(Beginning of Dataset records)

(* Let $(K,\mathscr T)$ be a stable topological space and $f:K\to L^0$ a stable lower semi-continuous function. If $K$ is stable compact, then there exists $x_0\in K$ such that $f(x_0)=\min_{x\in K}f(x)$, i.e. $f(x_0)\le f(x)$ for all $x\in K$.
   Context: $L^0$: real measurable functions on a probability space modulo a.e. equality, a.e. order; $\bar L^0$ the corresponding extended-real-valued classes. An $L^0$-module $E$ is stable if for every countable measurable partition $(A_k)$ and $(x_k)\subset E$ there is a unique $x=\sum_k1_{A_k}x_k$ with $1_{A_k}x=1_{A_k}x_k$. A nonempty subset is stable if closed under concatenations; for stable $Y_k$, $\sum_k1_{A_k}Y_k=\{\sum_k1_{A_k}y_k:y_k\in Y_k\}$; a nonempty collection of stable sets is stable if closed under this operation. A stable topological space is a stable subset $K$ of a stable $L^0$-module with a topology having a base which is a stable collection of stable sets. $f$ is stable if $f(\sum_k1_{A_k}x_k)=\sum_k1_{A_k}f(x_k)$; lower semi-continuous if $\{x\in K:f(x)\le\eta\}$ is closed for every $\eta\in\bar L^0$. A filter is stable if it has a filter base which is a stable collection of stable sets; $K$ is stable compact if every stable filter on $K$ has a cluster point in $K$. *)

From Stdlib Require Import Reals.
Open Scope R_scope.
Lemma half_order_point m : n = m.*2 -> exists x, ec_mul E m P = Some (x, 0).
Proof.
move=> nm; apply: ec_neg_self; first by apply: mP_neq0; case: hP; lia.
have := @ec_mul_subn _ _ _ m ns P_on nP; rewrite nm -addnn addnK; apply; lia.
Qed.

Lemma half_order_sq_at_roots m : n = m.*2 -> ~~ odd m ->
  exists x, wcubic E x = 0 /\ sq_at_roots E x.
Proof.
move=> nm ev; have [x hx] := half_order_point nm.
have m2 : (1 < m)%N by case: hP => _ [n0 _]; move: n0 ev; rewrite nm; case: m {hx nm} => [|[|]].
exists x; split.
  by have := ec_mul_on_curve m P_on; rewrite hx on_curveE expr0n eq_sym => /eqP.
move=> e ce; have [t ht] := order_x_sub_root_sq (j := m.-1) ltac:(lia) ltac:(lia) ce.
have := ec_mul_x_neq_root (i := 1) ltac:(lia) ltac:(lia) ce; rewrite ec_mul1 => xe.
rewrite prednK ?(ltnW m2) // hx -[in X in _ ^+ X](even_halfK ev) -addnn exprD in ht.
exists (t / (ec_x P - e) ^+ m./2); rewrite expr_div_n -ht /=.
by field; rewrite expf_neq0 // subr_eq0.
Qed.

End PointOfFiniteOrder.

Section Psi3.

Variable E : wcurve.

Lemma ec_double_x x y : y != 0 ->
  ec_x (ec_mul E 2 (Some (x, y))) = (wcubic' E x / (2%:R * y)) ^+ 2 - wa E - x - x.
Proof. by move=> y0; rewrite /= eqxx eq_oppr_self (negbTE y0). Qed.
Lemma gadget_side_edge a b : gadget_edge a b -> gadget_side a != gadget_side b.
Proof. rewrite /gadget_edge /gadget_arc /gadget_side; lia. Qed.

Notation labels := (iota 0 8).

Lemma all_iotaP n (p : pred nat) : reflect (forall d, d < n -> p d) (all p (iota 0 n)).
Proof.
apply: (iffP allP) => H d; last by rewrite mem_iota add0n => /andP [_ /H].
by move=> dn; apply: H; rewrite mem_iota.
Qed.

(* A set of labels is given by a bitseq l of size 8, read as [nth false l]; the
   facts below quantifying over such sets enumerate all 256 of them. *)
Fixpoint bitseqs (n : nat) : seq (seq bool) :=
  if n is n'.+1 then [seq b :: l | b <- [:: false; true], l <- bitseqs n'] else [:: [::]].

Lemma all_bitseqsP n (p : pred (seq bool)) :
  all p (bitseqs n) -> forall l, size l = n -> p l.
Proof.
move=> /allP H l ln; apply: H; rewrite -ln {ln}; elim: l => [|b l IH] //=.
rewrite !mem_cat; case: b; last by rewrite (map_f (cons false) IH).
by rewrite (map_f (cons true) IH) orbT.
Qed.

Definition reach_step (P : pred nat) (R : seq nat) : seq nat :=
  R ++ [seq y <- labels | (y \notin R) && P y && has (fun x => P x && gadget_edge x y) R].

(* Breadth-first search inside P; eight rounds exhaust the eight labels. *)
Definition reach (P : pred nat) (a : nat) : seq nat := iter 8 (reach_step P) [:: a].

Lemma reach_self P a : a \in reach P a.
Proof. by rewrite /reach; elim: 8 => [|i IH] /=; rewrite ?inE // mem_cat IH. Qed.

Lemma reach_connect (T : finType) (r : rel T) (h : nat -> T) (P : pred nat) a :
  (forall x y, P x -> P y -> gadget_edge x y -> r (h x) (h y)) ->
  forall y, y \in reach P a -> connect r (h a) (h y).
Proof.
move=> hr y; rewrite /reach; elim: 8 y => [|i IH] y /=.
  by rewrite inE => /eqP ->.
rewrite mem_cat => /orP [/IH //|].
rewrite mem_filter => /andP [/andP [/andP [_ Py] /hasP [x xR /andP [Px xy]]] _].
by apply: connect_trans (IH x xR) (connect1 (hr x y Px Py xy)).
Qed.

Definition hub_connected (P : pred nat) : bool :=
  P 7 && all (fun a => P a ==> (7 \in reach P a)) labels.

Definition dominates_outside (P Q : pred nat) : bool :=
  all (fun d => Q d || has (fun j => P j && gadget_edge d j) labels) labels.

Definition sub_labels (P Q : pred nat) : bool := all (fun d => P d ==> Q d) labels.
(* Let $F:\mathbb{R}^d\to\mathbb{R}$ belong to $C^{1,1}(\mathbb{R}^d)$ with Lipschitz constant $L>0$ for its gradient, let $\boldsymbol{\Xi}=(\boldsymbol{\xi}_1,\ldots,\boldsymbol{\xi}_d)$ be an orthonormal basis of $\mathbb{R}^d$, let $\sigma>0$ and $M\ge 1$, and let $C>0$ be a constant such that the Gauss–Hermite quadrature error bound $$\big|\widetilde{\mathscr{D}}^M[G_\sigma(0\,|\,\boldsymbol x,\boldsymbol\xi_i)]-\mathscr{D}[G_\sigma(0\,|\,\boldsymbol x,\boldsymbol\xi_i)]\big|\le C\,\frac{M!\,\sqrt{\pi}}{2^M\,(2M)!}\,\sigma^{2M-1}$$ holds for all $i\in\{1,\ldots,d\}$ at the point $\boldsymbol x\in\mathbb{R}^d$. Then $$\big\|\widetilde{\nabla}^M_{\sigma,\boldsymbol\Xi}[F](\boldsymbol x)-\nabla F(\boldsymbol x)\big\|^2\le \frac{2C^2\pi d\,(M!)^2}{4^M((2M)!)^2}\,\sigma^{4M-2}+32\,d\,L^2\sigma^2 .$$
   Context: $F\in C^{1,1}(\mathbb{R}^d)$ means there is $L>0$ with $\|\nabla F(\boldsymbol x+\boldsymbol\xi)-\nabla F(\boldsymbol x)\|\le L\|\boldsymbol\xi\|$ for all $\boldsymbol x,\boldsymbol\xi\in\mathbb{R}^d$; $\|\cdot\|$ is the Euclidean norm. For $\boldsymbol x\in\mathbb{R}^d$ and a unit vector $\boldsymbol\xi$, set $G(y\,|\,\boldsymbol x,\boldsymbol\xi)=F(\boldsymbol x+y\boldsymbol\xi)$ for $y\in\mathbb{R}$, and $G_\sigma(y\,|\,\boldsymbol x,\boldsymbol\xi)=\mathbb{E}_{v\sim\mathcal N(0,1)}[G(y+\sigma v\,|\,\boldsymbol x,\boldsymbol\xi)]$. Its derivative at $0$ is $\mathscr{D}[G_\sigma(0\,|\,\boldsymbol x,\boldsymbol\xi)]=\frac1\sigma\mathbb{E}_{v\sim\mathcal N(0,1)}[G(\sigma v\,|\,\boldsymbol x,\boldsymbol\xi)\,v]$. The Gauss–Hermite estimator is $\widetilde{\mathscr{D}}^M[G_\sigma(0\,|\,\boldsymbol x,\boldsymbol\xi)]=\frac{1}{\sqrt\pi\,\sigma}\sum_{m=1}^M w_m F(\boldsymbol x+\sqrt2\sigma v_m\boldsymbol\xi)\sqrt2 v_m$, where $v_1,\ldots,v_M$ are the roots of the $M$-th Hermite polynomial $H_M$ (physicists' convention, weight $e^{-v^2}$) and $w_m$ the corresponding Gauss–Hermite quadrature weights. The DGS estimator is $\widetilde{\nabla}^M_{\sigma,\boldsymbol\Xi}[F](\boldsymbol x)=\sum_{i=1}^d\widetilde{\mathscr{D}}^M[G_\sigma(0\,|\,\boldsymbol x,\boldsymbol\xi_i)]\,\boldsymbol\xi_i$. *)

From mathcomp Require Import ssreflect ssrfun ssrbool eqtype ssrnat seq fintype bigop.
From Stdlib Require Import Reals Factorial.
Open Scope R_scope.

Definition vec (d : nat) := 'I_d -> R.

Definition vadd {d} (x y : vec d) : vec d := fun k => x k + y k.
Definition vsub {d} (x y : vec d) : vec d := fun k => x k - y k.
Definition vscale {d} (a : R) (x : vec d) : vec d := fun k => a * x k.

Definition rsum (n : nat) (f : 'I_n -> R) : R := \big[Rplus/0]_(i < n) f i.

Definition inner {d} (x y : vec d) : R := rsum d (fun k => x k * y k).
Definition vnorm {d} (x : vec d) : R := sqrt (inner x x).

(* Xi = (xi_1, ..., xi_d) is an orthonormal family of d vectors of R^d
   (hence an orthonormal basis). *)
Definition orthonormal {d} (xi : 'I_d -> vec d) : Prop :=
  forall i j : 'I_d, inner (xi i) (xi j) = if i == j then 1 else 0.

Definition is_gradient {d} (F : vec d -> R) (gF : vec d -> vec d) : Prop :=
  forall x : vec d, forall eps : R, 0 < eps -> exists delta : R, 0 < delta /\
    forall h : vec d, vnorm h < delta ->
      Rabs (F (vadd x h) - F x - inner (gF x) h) <= eps * vnorm h.

Definition grad_lipschitz {d} (gF : vec d -> vec d) (L : R) : Prop :=
  forall x h : vec d, vnorm (vsub (gF (vadd x h)) (gF x)) <= L * vnorm h.

Definition improper_int (f : R -> R) (l : R) : Prop :=
  exists pr : (forall a b : R, Riemann_integrable f a b),
    forall eps : R, 0 < eps -> exists N : R, forall a b : R,
      N <= a -> N <= b -> Rabs (RiemannInt (pr (- a) b) - l) < eps.

Definition gauss_expect (g : R -> R) (e : R) : Prop :=
  improper_int (fun v => g v * (exp (- (v ^ 2) / 2) / sqrt (2 * PI))) e.

Definition Gdir {d} (F : vec d -> R) (x xi : vec d) (y : R) : R :=
  F (vadd x (vscale y xi)).

Definition is_smoothed_dirderiv {d} (F : vec d -> R) (x xi : vec d)
  (sigma D : R) : Prop :=
  exists e : R, gauss_expect (fun v => Gdir F x xi (sigma * v) * v) e /\
    D = / sigma * e.

(* Physicists' Hermite polynomials: H_0 = 1, H_1 = 2t,
   H_{n+1} = 2 t H_n - 2 n H_{n-1}.  hermite_pair n t = (H_n t, H_{n+1} t). *)
Fixpoint hermite_pair (n : nat) (t : R) : R * R :=
  match n with
  | O => (1, 2 * t)
  | S n' => let (a, b) := hermite_pair n' t in
            (b, 2 * t * b - 2 * INR (S n') * a)
  end.
Definition hermite (n : nat) (t : R) : R := fst (hermite_pair n t).

(* v : 'I_M -> R enumerates the M roots of H_M (M distinct roots, hence all) *)
Definition GH_nodes (M : nat) (v : 'I_M -> R) : Prop :=
  injective v /\ forall m : 'I_M, hermite M (v m) = 0.

(* Gauss-Hermite weight (weight function e^{-t^2}) at the node t:
   w = 2^{M-1} M! sqrt(pi) / (M^2 H_{M-1}(t)^2) *)
Definition GH_weight (M : nat) (t : R) : R :=
  2 ^ (M - 1)%nat * INR (fact M) * sqrt PI / (INR M ^ 2 * (hermite (M - 1)%nat t) ^ 2).

Definition GH_est {d} (F : vec d -> R) (x xi : vec d) (sigma : R)
  (M : nat) (v : 'I_M -> R) : R :=
  / (sqrt PI * sigma) *
  rsum M (fun m => GH_weight M (v m) * F (vadd x (vscale (sqrt 2 * sigma * v m) xi))
                    * (sqrt 2 * v m)).

Definition DGS {d} (F : vec d -> R) (x : vec d) (sigma : R) (M : nat)
  (v : 'I_M -> R) (xi : 'I_d -> vec d) : vec d :=
  fun k => rsum d (fun i => GH_est F x (xi i) sigma M v * xi i k).

(* Expanding the estimator and the gradient in the orthonormal basis, Parseval turns the
   squared error into the sum over i of (GH_i - <grad F(x), xi_i>)^2, and each term splits
   into the quadrature error, bounded by hypothesis, plus the bias D_i - <grad F(x), xi_i> of
   Gaussian smoothing; (a + b)^2 <= 2 a^2 + 2 b^2 then gives the two summands.  For the bias,
   the Lipschitz gradient and the mean value theorem give F(x + y xi) = F(x) + y s + k(y) with
   |k(y)| <= L y^2, so that, since E[v] = 0, E[v^2] = 1 and E|v|^3 <= 4 / sqrt(2 pi), the
   smoothed derivative (1/sigma) E[F(x + sigma v xi) v] is within 4 L sigma of s.  E[v^2] = 1
   rests on the Gaussian integral, obtained by Feynman's trick; as all expectations are
   improper integrals, the moments are computed on [-N, N] with explicit O(1/N) errors. *)

From HB Require Import structures.
From mathcomp Require Import ssreflect ssrfun ssrbool eqtype ssrnat seq fintype bigop.
From Stdlib Require Import Reals Factorial Lra Lia FunctionalExtensionality.
From Coquelicot Require Import Coquelicot.
From mathcomp Require Import ssralg matrix Rstruct.
Open Scope R_scope.

(** * Finite sums and orthonormal bases *)

(* Makes the bigop theory available for [rsum], which folds [Rplus] rather than [+%R]. *)
HB.instance Definition _ := Monoid.isComLaw.Build R 0 Rplus
  (fun a b c => esym (Rplus_assoc a b c)) Rplus_comm Rplus_0_l.

Lemma eq_rsum n (f g : 'I_n -> R) : (forall i, f i = g i) -> rsum n f = rsum n g.
Proof. by move=> fg; apply: eq_bigr => i _. Qed.

Lemma rsumD n (f g : 'I_n -> R) : rsum n (fun i => f i + g i) = rsum n f + rsum n g.
Proof. exact: big_split. Qed.

Lemma rsum_mulr n c (f : 'I_n -> R) : c * rsum n f = rsum n (fun i => c * f i).
Proof.
rewrite /rsum; elim/big_rec2: _ => [|i y1 y2 _ <-]; first exact: Rmult_0_r.
exact: Rmult_plus_distr_l.
Qed.

Lemma rsumB n (f g : 'I_n -> R) : rsum n (fun i => f i - g i) = rsum n f - rsum n g.
Proof.
rewrite /Rminus -(Rmult_1_l (rsum n g)) Ropp_mult_distr_l rsum_mulr -rsumD.
by apply: eq_rsum => i; ring.
Qed.

Lemma rsum_swap n m (f : 'I_n -> 'I_m -> R) :
  rsum n (fun i => rsum m (f i)) = rsum m (fun j => rsum n (fun i => f i j)).
Proof. exact: exchange_big. Qed.

Lemma rsum_le n (f g : 'I_n -> R) : (forall i, f i <= g i) -> rsum n f <= rsum n g.
Proof. by move=> fg; rewrite /rsum; elim/big_ind2: _ => *; [lra | lra | apply: fg]. Qed.

Lemma rsum_const n c : rsum n (fun _ => c) = INR n * c.
Proof.
rewrite /rsum big_const card_ord; elim: n => /= [|n ->]; first lra.
by case: n => /= [|n]; lra.
Qed.

Lemma rsum_kronecker n (f : 'I_n -> R) k :
  rsum n (fun l => f l * (if k == l then 1 else 0)) = f k.
Proof.
rewrite /rsum (bigD1 k) //= eqxx big1 ?Rplus_0_r ?Rmult_1_r // => i /negbTE.
by rewrite eq_sym => ->; lra.
Qed.

Lemma inner_ge0 {d} (a : vec d) : 0 <= inner a a.
Proof. by rewrite -(Rmult_0_r (INR d)) -rsum_const; apply: rsum_le => i; nra. Qed.

Lemma inner_scaler d (a b : vec d) t : inner a (vscale t b) = t * inner a b.
Proof. by rewrite /inner rsum_mulr; apply: eq_rsum => k; rewrite /vscale; ring. Qed.

Lemma inner_subl d (a b c : vec d) : inner (vsub a b) c = inner a c - inner b c.
Proof. by rewrite /inner -rsumB; apply: eq_rsum => k; rewrite /vsub; ring. Qed.

Lemma vnorm_scale_unit d (xi : vec d) t : inner xi xi = 1 -> vnorm (vscale t xi) = Rabs t.
Proof.
move=> unit_xi; rewrite /vnorm -sqrt_Rsqr_abs /Rsqr; f_equal.
rewrite -[t * t]Rmult_1_r -unit_xi /inner rsum_mulr.
by apply: eq_rsum => k; rewrite /vscale; ring.
Qed.

Lemma Cauchy_Schwarz_unit d (a xi : vec d) : inner xi xi = 1 -> Rabs (inner a xi) <= vnorm a.
Proof.
move=> unit_xi.
have expand c : inner (vsub a (vscale c xi)) (vsub a (vscale c xi))
                = inner a a - 2 * c * inner a xi + c * c * inner xi xi.
  rewrite /Rminus /inner Ropp_mult_distr_l !rsum_mulr -!rsumD.
  by apply: eq_rsum => k; rewrite /vsub /vscale; ring.
have := inner_ge0 (vsub a (vscale (inner a xi) xi)); rewrite expand unit_xi => ge0.
rewrite -sqrt_Rsqr_abs /vnorm; apply: sqrt_le_1_alt; rewrite /Rsqr; lra.
Qed.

(End of Dataset records)

The lines to report are those in the material above that contain the word "Gaussian"; copy every one of them.

   Gaussian smoothing; (a + b)^2 <= 2 a^2 + 2 b^2 then gives the two summands.  For the bias,
   rests on the Gaussian integral, obtained by Feynman's trick; as all expectations are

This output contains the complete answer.